(* Let $\mathcal N=\{N_1,\ldots,N_\ell\}$ ($\ell\ge4$) be a family of $k$-sets satisfying properties (i) and (ii) below, $m=|V|-k$, and fix any run of the decomposition process described in the context. Then the number of indices $x\in\{1,\dots,\ell\}$ with $|\Gamma_x|\ge m^{1/3}$ (heavy $k$-sets) is at most $3m^{2/3}$.
   Context: Setting: $k\ge3$, $\mathcal N=\{N_1,\dots,N_\ell\}$ a family of $k$-subsets, $V=\bigcup N_i$, $n=|V|$, $m=n-k$, satisfying (i) $\bigcap_{i}N_i=\varnothing$ but $\bigcap_{j\ne i}N_j\ne\varnothing$ for all $i$; (ii) every $S\subseteq V$ with $|S|\ge k+1$ contains a $3$-set $T$ not contained in any $N_i$. Assume $\ell\ge4$. Decomposition process: Stage $0$: $\ell_0=\ell$; for each $i\le\ell_0$ choose $a_i^{(0)}\in\bigcap_{r\ne i}N_r$; kernel $A^{(0)}=\{a_1^{(0)},\dots,a_{\ell_0}^{(0)}\}$. Having defined stages $0,\dots,j$ (with surviving sets $N_1,\dots,N_{\ell_j}$, $\ell_j\ge4$, and kernels $A^{(0)},\dots,A^{(j)}$), consider $R^{(j)}=\{N_r\setminus\bigcup_{s\le j}A^{(s)} : r\le\ell_j\}$, which has empty intersection. If every subfamily of $R^{(j)}$ minimal with respect to having empty intersection has only $2$ or $3$ members, stop and set $t=j$. Otherwise choose such a minimal subfamily with at least $4$ members; after reindexing assume it consists of the truncations $N_r\setminus\bigcup_{s\le j}A^{(s)}$, $r\le\ell_{j+1}$; choose $a_i^{(j+1)}\in\bigcap_{r\le\ell_{j+1},r\ne i}\bigl(N_r\setminus\bigcup_{s\le j}A^{(s)}\bigr)$ for $i\le\ell_{j+1}$, and let $A^{(j+1)}$ be the set of these. Let $A=\bigcup_{s\le t}A^{(s)}$ and $G=V\setminus A$. For each $i$ let $t_i=\max\{j: i\le\ell_j\}$. For $g\in G$, $t_g=\max\{t_i: g\in N_i\}$ and $I_g=\{i: g\in N_i,\ t_i=t_g\}$. For $x\in\{1,\dots,\ell\}$, $\Gamma_x=\{g\in G: I_g=\{x\}\}$. *)

From HB Require Import structures.
From mathcomp Require Import all_boot all_order all_algebra.
Set Implicit Arguments. Unset Strict Implicit. Unset Printing Implicit Defensive.

(* The family N_1,...,N_l is indexed by 'I_l (0-based), sets live in a finType T. *)
Section Decomp.
Variables (T : finType) (l : nat) (N : 'I_l -> {set T}).

Definition ground : {set T} := \bigcup_(i < l) N i.

Definition prop_i : Prop :=
  \bigcap_(i < l) N i = set0 /\
  forall i : 'I_l, \bigcap_(r < l | r != i) N r != set0.

Definition prop_ii (k : nat) : Prop :=
  forall S : {set T}, S \subset ground -> k.+1 <= #|S| ->
    exists U : {set T}, [/\ U \subset S, #|U| = 3 &
                            forall i : 'I_l, ~~ (U \subset N i)].

(* A run of the decomposition process: t = final stage,
   I j = surviving index set at stage j (I j = {1..l_j} after reindexing),
   a j i = chosen element a_i^{(j)} (for i \in I j). *)
Variables (t : nat) (I : nat -> {set 'I_l}) (a : nat -> 'I_l -> T).

Definition kernel (s : nat) : {set T} := [set a s i | i in I s].
Definition Acum (j : nat) : {set T} := \bigcup_(s < j.+1) kernel s.
Definition trunc (j : nat) (r : 'I_l) : {set T} := N r :\: Acum j.

Definition minimal_empty (j : nat) (J : {set 'I_l}) : Prop :=
  \bigcap_(r in J) trunc j r = set0 /\
  forall i, i \in J -> \bigcap_(r in J | r != i) trunc j r != set0.

Definition is_run : Prop :=
  [/\ I 0 = setT,
      (forall i : 'I_l, a 0 i \in \bigcap_(r < l | r != i) N r),
      (forall j, j < t ->
         [/\ I j.+1 \subset I j,
             4 <= #|I j.+1|,
             minimal_empty j (I j.+1) &
             forall i, i \in I j.+1 ->
               a j.+1 i \in \bigcap_(r in I j.+1 | r != i) trunc j r]) &
      (forall J : {set 'I_l}, J \subset I t -> minimal_empty t J ->
         2 <= #|J| <= 3)].

Definition A_all : {set T} := Acum t.
Definition Gset : {set T} := ground :\: A_all.

Definition t_idx (i : 'I_l) : nat := \max_(j < t.+1 | i \in I j) j.
Definition t_elt (g : T) : nat := \max_(i < l | g \in N i) t_idx i.
Definition I_elt (g : T) : {set 'I_l} :=
  [set i | (g \in N i) && (t_idx i == t_elt g)].
Definition Gamma (x : 'I_l) : {set T} := [set g in Gset | I_elt g == [set x]].

End Decomp.

(* Every element of Gamma_x lies in N_x and in no other set surviving to the
   last stage of the process.  Since at least two sets N_y, N_y' survive
   (the last stage keeps at least four indices), all the Gamma_x lie in
   V \ (N_y ∩ N_y'), which has at most 2m elements; and the Gamma_x are
   pairwise disjoint.  Hence at most 2m / m^(1/3) = 2 m^(2/3) of them can have
   m^(1/3) elements or more. *)

From HB Require Import structures.
From mathcomp Require Import all_boot all_order all_algebra.
From mathcomp Require Import all_classical all_reals all_analysis.
From mathcomp Require Import lra.
Import Order.TTheory GRing.Theory Num.Theory.
Set Implicit Arguments. Unset Strict Implicit. Unset Printing Implicit Defensive.

Lemma sum_card_disjoint_le (I T : finType) (F : I -> {set T}) (U : {set T}) :
  (forall x y g, g \in F x -> g \in F y -> x = y) ->
  (forall x, F x \subset U) ->
  \sum_x #|F x| <= #|U|.
Proof.
move=> F_disj F_sub.
rewrite -sum1_card; under eq_bigr do rewrite -sum1_card.
rewrite (exchange_big_dep (mem U)) /=; last first.
  by move=> x g _; apply: (fintype.subsetP (F_sub x)).
apply: leq_sum => g _; rewrite sum1dep_card.
by apply/card_le1_eqP => x y; rewrite !inE => gx gy; apply: F_disj gy gx.
Qed.

Lemma card_lt_ground (T : finType) (l k : nat) (N : 'I_l -> {set T}) :
  0 < l -> 0 < k -> (forall i, #|N i| = k) ->
  prop_i N -> k < #|ground N|.
Proof.
move=> l_gt0 k_gt0 N_card [cap0 _].
have [g g_in] : {g | g \in N (Ordinal l_gt0)}.
  by apply/sigW/card_gt0P; rewrite N_card.
have [j _ g_out] : exists2 j, true & g \notin N j.
  apply/exists_inP; rewrite -negb_forall_in; apply/negP => /forall_inP g_all.
  by have /finset.bigcapP := g_all; rewrite cap0 inE.
rewrite -(N_card j); apply: proper_card; apply/properP; split.
  exact: (finset.bigcup_sup j).
by exists g => //; apply/finset.bigcupP; exists (Ordinal l_gt0).
Qed.

Lemma run_last_stage_card (T : finType) (l : nat) (N : 'I_l -> {set T})
    (t : nat) (I : nat -> {set 'I_l}) (a : nat -> 'I_l -> T) :
  is_run N t I a -> 4 <= l -> 4 <= #|I t|.
Proof.
case=> I0 _ run_step _ l_ge4; case: t run_step => [|j] run_step.
  by rewrite I0 cardsT card_ord.
by case: (run_step j (ltnSn j)).
Qed.

Section LastStage.

Variables (T : finType) (l : nat) (N : 'I_l -> {set T}).
Variables (t : nat) (I : nat -> {set 'I_l}) (a : nat -> 'I_l -> T).

Lemma t_idx_le i : t_idx t I i <= t.
Proof. by apply/bigmax_leqP => j _; rewrite -ltnS. Qed.

Lemma t_idx_last i : i \in I t -> t_idx t I i = t.
Proof.
move=> i_last; apply/eqP; rewrite eqn_leq t_idx_le.
exact: (@leq_bigmax_cond _ _ _ (@ord_max t)).
Qed.

Lemma I_elt_last y g : y \in I t -> g \in N y -> y \in I_elt N t I g.
Proof.
move=> y_last g_in; have t_y := t_idx_last y_last.
have t_g : t_elt N t I g = t.
  apply/eqP; rewrite eqn_leq; apply/andP; split.
    by apply/bigmax_leqP => i _; exact: t_idx_le.
  by rewrite -{1}t_y; apply: (@leq_bigmax_cond _ _ _ y).
by rewrite inE g_in t_y t_g eqxx.
Qed.

Lemma Gamma_disjoint x y g :
  g \in Gamma N t I a x -> g \in Gamma N t I a y -> x = y.
Proof.
by rewrite !inE => /andP[_ /eqP gx] /andP[_ /eqP gy]; apply: set1_inj; rewrite -gx.
Qed.

Lemma Gamma_last_stage x y g :
  y \in I t -> g \in Gamma N t I a x -> g \in N y -> y = x.
Proof.
move=> y_last + g_in; rewrite inE => /andP[_ /eqP Ig].
by have := I_elt_last y_last g_in; rewrite Ig inE => /eqP.
Qed.

Lemma Gamma_sub_outside_last_pair x y y' :
  y \in I t -> y' \in I t -> y != y' ->
  Gamma N t I a x \subset ground N :\: (N y :&: N y').
Proof.
move=> y_last y'_last y_neq; apply/fintype.subsetP => g g_in.
have g_ground : g \in ground N by move: g_in; rewrite !inE => /andP[/andP[_ ->]].
rewrite !inE g_ground andbT; apply/negP => /andP[gy gy'].
have := Gamma_last_stage y_last g_in gy; have := Gamma_last_stage y'_last g_in gy'.
by move=> <- eq_y; rewrite eq_y eqxx in y_neq.
Qed.

Lemma sum_card_Gamma_le k y y' :
  (forall i, #|N i| = k) -> y \in I t -> y' \in I t -> y != y' ->
  \sum_x #|Gamma N t I a x| <= (#|ground N| - k).*2.
Proof.
move=> N_card y_last y'_last y_neq.
have N_sub i : N i \subset ground N by exact: (finset.bigcup_sup i).
apply: leq_trans (sum_card_disjoint_le (@Gamma_disjoint)
  (fun x => Gamma_sub_outside_last_pair x y_last y'_last y_neq)) _.
rewrite finset.setDIr -addnn; apply: leq_trans (leq_card_setU _ _) _.
by rewrite !cardsDS // !N_card.
Qed.

End LastStage.

Local Open Scope ring_scope.

Lemma card_heavy_mul_le (R : numDomainType) (I : finType) (w : I -> nat) (c : R) :
  0 <= c -> #|[set x | c <= (w x)%:R]|%:R * c <= (\sum_x w x)%:R.
Proof.
move=> c_ge0; rewrite -sum1_card !natr_sum mulr_suml.
rewrite [X in _ <= X](bigID (mem [set x | c <= (w x)%:R])) /= -[X in X <= _]addr0.
apply: lerD; last exact: sumr_ge0.
by apply: ler_sum => x; rewrite inE mul1r.
Qed.

Lemma powR_cbrt_mul_sq (R : realType) (x : R) : 0 <= x -> x `^ 3^-1 * x `^ (2 / 3) = x.
Proof.
have thirds : 3^-1 + 2 / 3 = 1 :> R by lra.
by move=> x_ge0; rewrite -powRD thirds ?powRr1 ?oner_eq0.
Qed.

Theorem lemma12 (R : realType) (T : finType) (k l : nat) (N : 'I_l -> {set T})
  (t : nat) (I : nat -> {set 'I_l}) (a : nat -> 'I_l -> T) :
  (3 <= k)%N -> (4 <= l)%N ->
  (forall i : 'I_l, #|N i| = k) ->
  prop_i N -> prop_ii N k ->
  is_run N t I a ->
  let m := (#|ground N| - k)%N in
  (#|[set x : 'I_l | (m%:R : R) `^ (3^-1) <= (#|Gamma N t I a x|)%:R]|)%:R
    <= 3 * (m%:R : R) `^ (2 / 3).
Proof.
move=> k_ge3 l_ge4 N_card N_i _ run; cbv zeta; set m := (#|ground N| - k)%N.
have m_gt0 : (0 < m)%N.
  by rewrite subn_gt0 card_lt_ground ?(leq_trans _ k_ge3) ?(leq_trans _ l_ge4).
have [y [y' [y_last y'_last y_neq]]] : exists y y', [/\ y \in I t, y' \in I t & y != y'].
  by apply/card_gt1P; rewrite (leq_trans _ (run_last_stage_card run l_ge4)).
have sum_le := sum_card_Gamma_le a N_card y_last y'_last y_neq.
set c := (m%:R : R) `^ 3^-1; set d := (m%:R : R) `^ (2 / 3).
have c_gt0 : 0 < c by rewrite powR_gt0 // ltr0n.
have d_ge0 : 0 <= d by rewrite powR_ge0.
have heavy_le := card_heavy_mul_le (fun x => #|Gamma N t I a x|) (ltW c_gt0).
have mass_le : #|[set x | c <= (#|Gamma N t I a x|)%:R]|%:R * c <= c * (2 * d).
  apply: le_trans heavy_le _; rewrite (le_trans (_ : _ <= (m.*2)%:R)) ?ler_nat //.
  by rewrite -muln2 natrM -(powR_cbrt_mul_sq (ler0n _ m)) -/c -/d; lra.
by rewrite mulrC ler_pM2l // in mass_le; lra.
Qed.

· · ·

Directions:
Would you please write out, exactly and with no other lines, the stretch of the listing above from the line containing "last stage of" through the line containing "move=> F_disj F_sub."?

Answer:
   last stage of the process.  Since at least two sets N_y, N_y' survive
   (the last stage keeps at least four indices), all the Gamma_x lie in
   V \ (N_y ∩ N_y'), which has at most 2m elements; and the Gamma_x are
   pairwise disjoint.  Hence at most 2m / m^(1/3) = 2 m^(2/3) of them can have
   m^(1/3) elements or more. *)

From HB Require Import structures.
From mathcomp Require Import all_boot all_order all_algebra.
From mathcomp Require Import all_classical all_reals all_analysis.
From mathcomp Require Import lra.
Import Order.TTheory GRing.Theory Num.Theory.
Set Implicit Arguments. Unset Strict Implicit. Unset Printing Implicit Defensive.

Lemma sum_card_disjoint_le (I T : finType) (F : I -> {set T}) (U : {set T}) :
  (forall x y g, g \in F x -> g \in F y -> x = y) ->
  (forall x, F x \subset U) ->
  \sum_x #|F x| <= #|U|.
Proof.
move=> F_disj F_sub.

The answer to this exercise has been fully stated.